Rita Dorothy Guggenheim Lerner (May 7 1929 – July 16, 1994) was an American physicist, librarian, editor, and science communicator who worked for many years at the American Institute of Physics. With George L. Trigg, she was co-editor of the Encyclopedia of Physics (Addison-Wesley, 1981).

Life
Rita Guggenheim was born in New York, New York in 1929, and was a 1945 graduate of Fiorello H. LaGuardia High School. She earned a bachelor's degree from Radcliffe College in 1949, and was managing editor of the college yearbook.

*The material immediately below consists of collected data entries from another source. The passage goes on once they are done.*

Lemma hprf_taut_consequence2 L A B C : hprf L A -> hprf L B -> wf C ->
  (forall v, eval v A = true -> eval v B = true -> eval v C = true) -> hprf L C.
Proof.
  intros HA HB HC Hv. apply h_mp with B; auto. apply h_mp with A; auto.
  apply h_taut; [repeat split; eauto using hprf_wf|].
  intros v; specialize (Hv v); simpl; now destruct (eval v A), (eval v B); simpl; auto.
Qed.

Lemma hprf_imp_trans L A B C : hprf L (Imp A B) -> hprf L (Imp B C) -> hprf L (Imp A C).
Proof.
  intros HAB HBC. pose proof (hprf_wf _ _ HAB). pose proof (hprf_wf _ _ HBC).
  apply (hprf_taut_consequence2 _ _ _ _ HAB HBC); [simpl in *; tauto|].
  intros v; simpl; truth_table.
Qed.

Lemma hprf_imp_refl L A : wf A -> hprf L (Imp A A).
Proof. intros HA. apply h_taut; [now split|]. intros v; simpl; truth_table. Qed.

Lemma hprf_box_le L m n A : m <= n -> wf A -> bnd A m -> hprf L (Imp (Box m A) (Box n A)).
Proof.
  intros Hmn HA Hb. induction Hmn as [|n Hmn IH].
  - now apply hprf_imp_refl.
  - apply hprf_imp_trans with (Box n A); [exact IH|].
    apply h_H; simpl; repeat split; auto; apply bnd_le with m; auto.
Qed.

Lemma hprf_box_4 L m n A : m < n -> wf A -> bnd A m ->
  hprf L (Imp (Box m A) (Box n (Box m A))).
Proof.
  intros Hmn HA Hb. apply hprf_imp_trans with (Box (S m) (Box m A)).
  - apply h_4; simpl; repeat split; auto; apply bnd_le with m; auto.
  - apply hprf_box_le; simpl; auto.
    split; [lia|]. apply bnd_le with m; auto.
Qed.

Lemma hprf_bigAnd_In L G A : In A G -> Forall wf G -> hprf L (Imp (bigAnd G) A).
Proof.
  intros HA HG. rewrite Forall_forall in HG.
  apply h_taut; [split; auto; apply wf_bigAnd, Forall_forall; auto|].
  intros v. cbn [eval]. rewrite eval_bigAnd.
  destruct (forallb (eval v) G) eqn:E; simpl; auto.
  now rewrite forallb_forall in E; rewrite E.
Qed.

Lemma hprf_imp_bigAnd L X D : Forall wf D -> wf X ->
  (forall A, In A D -> hprf L (Imp X A)) -> hprf L (Imp X (bigAnd D)).
Proof.
  induction 1 as [|A D HA HD IH]; intros HX HXD.
  - apply h_taut; [now split|]. intros v; simpl; truth_table.
  - apply (hprf_taut_consequence2 _ _ _ _ (HXD A (in_eq A D))
             (IH HX (fun B HB => HXD B (in_cons A B D HB)))).
    + split; [|apply wf_bigAnd]; auto.
    + intros v. cbn [eval]. rewrite !eval_bigAnd. simpl. truth_table.
Qed.

Lemma hprf_box_bigAnd L n G A : Forall wf G -> Forall (fun B => bnd B n) G ->
  wf A -> bnd A n ->
  hprf L (Imp (bigAnd G) A) -> hprf L (Imp (bigAnd (map (Box n) G)) (Box n A)).
Proof.
  revert A. induction G as [|B G IH]; intros A HG HGn HA HAn H.
  - apply hprf_taut_consequence with (Box n A); [apply h_nec; auto| |].
    + apply hprf_taut_consequence with (1 := H); [exact HA|]. intros v; simpl; truth_table.
    + simpl; auto.
    + intros v; simpl; truth_table.
  - inversion HG; inversion HGn; subst.
    assert (HBA : hprf L (Imp (bigAnd (map (Box n) G)) (Box n (Imp B A)))).
    { apply IH; try (simpl; tauto); auto.
      apply hprf_taut_consequence with (1 := H); [repeat split; auto using wf_bigAnd|].
      intros v. cbn [eval]. rewrite !eval_bigAnd. simpl. truth_table. }
    apply (hprf_taut_consequence2 _ _ _ _ HBA (h_K L n B A ltac:(simpl; tauto))).
    + split; [|simpl; auto]. apply wf_bigAnd.
      apply Forall_map, Forall_forall. intros C HC; simpl.
      rewrite Forall_forall in *; auto.
    + intros v. cbn [eval]. rewrite !eval_bigAnd. simpl. truth_table.
Qed.

(** * Soundness *)

Lemma in_map_snd_bx_inv (gam : list (nat * form)) B :
  In B (map snd gam ++ map bx gam) ->
  exists m A, In (m, A) gam /\ (B = A \/ B = Box m A).
Proof.
  intros HB. apply in_app_iff in HB as [HB|HB];
    apply in_map_iff in HB as [[m A] [<- Hp]]; exists m, A; simpl; auto.
Qed.

Section BoxRight.
Variables (n : nat) (sig : list form) (gam : list (nat * form)).
Hypothesis gam_lt : Forall (fun p => fst p < n) gam.
Hypothesis wf_sig : Forall (fun s => wf (Box n s)) sig.
Hypothesis wf_gam : Forall wf (map bx gam).

Lemma wf_box_premise :
  Forall (fun B => wf B /\ bnd B n) (sig ++ map snd gam ++ map bx gam).
Proof.
  apply Forall_forall. intros B HB.
  apply in_app_iff in HB as [HB|HB]; [exact (proj1 (Forall_forall _ _) wf_sig B HB)|].
  apply in_map_snd_bx_inv in HB as [m [A [Hp HBp]]].
  pose proof (proj1 (Forall_forall _ _) gam_lt _ Hp) as Hmn.
  pose proof (proj1 (Forall_forall _ _) wf_gam _ (in_map bx gam _ Hp)) as [HA HAm].
  simpl in *. destruct HBp; subst; simpl; repeat split; auto;
    apply bnd_le with m; auto; lia.
Qed.

Lemma hprf_box_context L B : In B (sig ++ map snd gam ++ map bx gam) ->
  hprf L (Imp (bigAnd (map (Box n) sig ++ map bx gam)) (Box n B)).
Proof.
  assert (Hw : Forall wf (map (Box n) sig ++ map bx gam)).
  { apply Forall_app; split; auto. now apply Forall_map. }
  intros HB. apply in_app_iff in HB as [HB|HB].
  { apply hprf_bigAnd_In; auto. apply in_or_app; left; now apply in_map. }
  apply in_map_snd_bx_inv in HB as [m [A [Hp HBp]]].
  pose proof (proj1 (Forall_forall _ _) gam_lt _ Hp) as Hmn.
  pose proof (proj1 (Forall_forall _ _) wf_gam _ (in_map bx gam _ Hp)) as [HA HAm].
  simpl in *. apply hprf_imp_trans with (Box m A).
  { apply hprf_bigAnd_In; auto. apply in_or_app; right. now apply (in_map bx gam (m, A)). }
  destruct HBp; subst; [apply hprf_box_le; auto; lia | apply hprf_box_4; auto].
Qed.

Lemma hprf_box_right L A : wf (Box n A) ->
  hprf L (Imp (bigAnd (sig ++ map snd gam ++ map bx gam)) A) ->
  hprf L (Imp (bigAnd (map (Box n) sig ++ map bx gam)) (Box n A)).
Proof.
  intros [HA HAn] H. pose proof wf_box_premise as Hprem.
  apply hprf_imp_trans with (bigAnd (map (Box n) (sig ++ map snd gam ++ map bx gam))).
  - apply hprf_imp_bigAnd.
    + apply Forall_map. revert Hprem. apply Forall_impl. simpl; tauto.
    + apply wf_bigAnd, Forall_app. split; [|exact wf_gam]. now apply Forall_map.
    + intros B HB. apply in_map_iff in HB as [C [<- HC]]. now apply hprf_box_context.
  - apply hprf_box_bigAnd; auto.
    + revert Hprem. apply Forall_impl. tauto.
    + revert Hprem. apply Forall_impl. tauto.
Qed.

Lemma hprf_box_right_S4 L A : wf (Box n A) ->
  hprf L (Imp (bigAnd (sig ++ map bx gam)) A) ->
  hprf L (Imp (bigAnd (map (Box n) sig ++ map bx gam)) (Box n A)).
Proof.
  intros HA H. apply hprf_box_right; [exact HA|].
  apply hprf_taut_consequence with (1 := H).
  - split; [apply wf_bigAnd | apply HA].
    eapply Forall_impl; [|exact wf_box_premise]. simpl; tauto.
  - intros v. cbn [eval]. rewrite !eval_bigAnd, !forallb_app. truth_table.
Qed.

Lemma hprf_box_right_D L : L = KD4h ->
  hprf L (Imp (bigAnd (sig ++ map snd gam ++ map bx gam)) Bot) ->
  hprf L (Imp (bigAnd (map (Box n) sig ++ map bx gam)) Bot).
Proof.
  intros HL H.
  assert (HBot : hprf L (Imp (bigAnd (map (Box n) sig ++ map bx gam)) (Box n Bot))).
  { apply hprf_box_right; simpl; auto. }
  apply (hprf_taut_consequence2 _ _ _ _ HBot (h_D L n HL)).
  - pose proof (hprf_wf _ _ HBot) as [Hw _]. now split.
  - intros v. simpl. truth_table.
Qed.

End BoxRight.

Lemma gprf_wf L G D : gprf L G D -> Forall wf G /\ Forall wf D.
Proof.
  induction 1; repeat match goal with H : _ /\ _ |- _ => destruct H end;
  repeat match goal with H : Forall _ (_ :: _) |- _ => inversion H; subst; clear H end;
  try (split; repeat constructor; simpl; auto; fail).
  1: split; eapply Permutation_Forall; eauto.
  all: repeat match goal with H : Forall _ (_ ++ _) |- _ => apply Forall_app in H as [? ?] end;
    split; try (apply Forall_app; split); try rewrite Forall_map; auto; repeat constructor; auto.
  all: rewrite Forall_map in *; auto.
Qed.

Ltac sequent_truth_table :=
  intros v; cbn [eval]; rewrite ?eval_bigAnd, ?eval_bigOr, ?forallb_app, ?existsb_app;
  simpl; truth_table.

Theorem gprf_sound L G D : gprf L G D -> hprf L (Imp (bigAnd G) (bigOr D)).
Proof.
  (* The copy [Hconcl] becomes the derivation of each conclusion, hence its well-formedness. *)
  intros H. pose proof H as Hconcl.
  induction H; destruct (gprf_wf _ _ _ Hconcl) as [WG WD];
    pose proof (wf_sequent _ _ WG WD) as W;
    repeat match goal with IH : gprf ?L ?G ?D -> _, H : gprf ?L ?G ?D |- _ => specialize (IH H) end;
    first
    [ solve [apply h_taut; [exact W | sequent_truth_table]]
    | solve [eapply hprf_taut_consequence; [exact IHgprf | exact W | sequent_truth_table]]
    | solve [eapply hprf_taut_consequence2;
             [exact IHgprf1 | exact IHgprf2 | exact W | sequent_truth_table]]
    | idtac ].
  - apply hprf_taut_consequence with (1 := IHgprf); [exact W|].
    intros v. rewrite !eval_sequent.
    now erewrite forallb_Permutation, existsb_Permutation by eassumption.
  - apply Forall_app in WG as [_ Wgam]. now apply hprf_box_right.
  - apply Forall_app in WG as [_ Wgam]. now apply hprf_box_right_D.
  - apply Forall_app in WG as [_ Wgam]. now apply hprf_box_right_S4.
  - apply (hprf_taut_consequence2 _ _ _ _ IHgprf
             (h_T L n A ltac:(assumption) ltac:(simpl in *; tauto)));
      [exact W | sequent_truth_table].
Qed.

(** * Propositional completeness of the sequent calculi *)

Definition form_eq_dec : forall A B : form, {A = B} + {A <> B}.
Proof. decide equality; apply Nat.eq_dec. Defined.

Definition compound (A : form) : bool :=
  match A with Neg _ | And _ _ | Or _ _ | Imp _ _ => true | _ => false end.

(* Boxed formulas count as atoms: the decomposition below never enters a box. *)
Fixpoint prop_size (A : form) : nat :=
  match A with
  | Neg B => S (prop_size B)
  | And B C | Or B C | Imp B C => S (prop_size B + prop_size C)
  | _ => 1
  end.

Fixpoint prop_size_list (l : list form) : nat :=
  match l with [] => 0 | A :: l' => prop_size A + prop_size_list l' end.

Lemma lsize_Permutation l l' : Permutation l l' -> prop_size_list l = prop_size_list l'.
Proof. induction 1; simpl; lia. Qed.

Definition valid (G D : list form) : Prop :=
  forall v, forallb (eval v) G = true -> existsb (eval v) D = true.

Lemma valid_Permutation G D G' D' :
  Permutation G G' -> Permutation D D' -> valid G D -> valid G' D'.
Proof.
  intros HG HD Hv v. rewrite <- (forallb_Permutation _ _ _ HG), <- (existsb_Permutation _ _ _ HD).
  apply Hv.
Qed.

Lemma gprf_weaken L G0 D0 G D : gprf L G0 D0 -> Forall wf G -> Forall wf D ->
  (exists G', Permutation G (G0 ++ G')) -> (exists D', Permutation D (D0 ++ D')) ->
  gprf L G D.
Proof.
  intros H HG HD [G' PG] [D' PD].
  apply (Permutation_Forall PG), Forall_app in HG as [_ HG'].
  apply (Permutation_Forall PD), Forall_app in HD as [_ HD'].
  apply g_perm with (G' ++ G0) (D' ++ D0);
    [rewrite PG; apply Permutation_app_comm | rewrite PD; apply Permutation_app_comm |].
  clear PG PD.
  induction HD' as [|B D' HB _ IH]; [|now apply g_wR].
  induction HG' as [|A G' HA _ IH]; [exact H | now apply g_wL].
Qed.

Lemma eval_not_compound v A : compound A = false -> A <> Bot -> A <> Top -> eval v A = v A.
Proof. destruct A; simpl; congruence. Qed.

She went to Columbia University for graduate study, earning a master's degree in 1951 and (as Rita G. Lerner) completing her Ph.D. in 1956; her dissertation was Microwave Studies of Molecular Structure.

She came to the American Institute of Physics in the 1960s, hired as part of a program funded by the National Science Foundation for the improvement of scientific communication.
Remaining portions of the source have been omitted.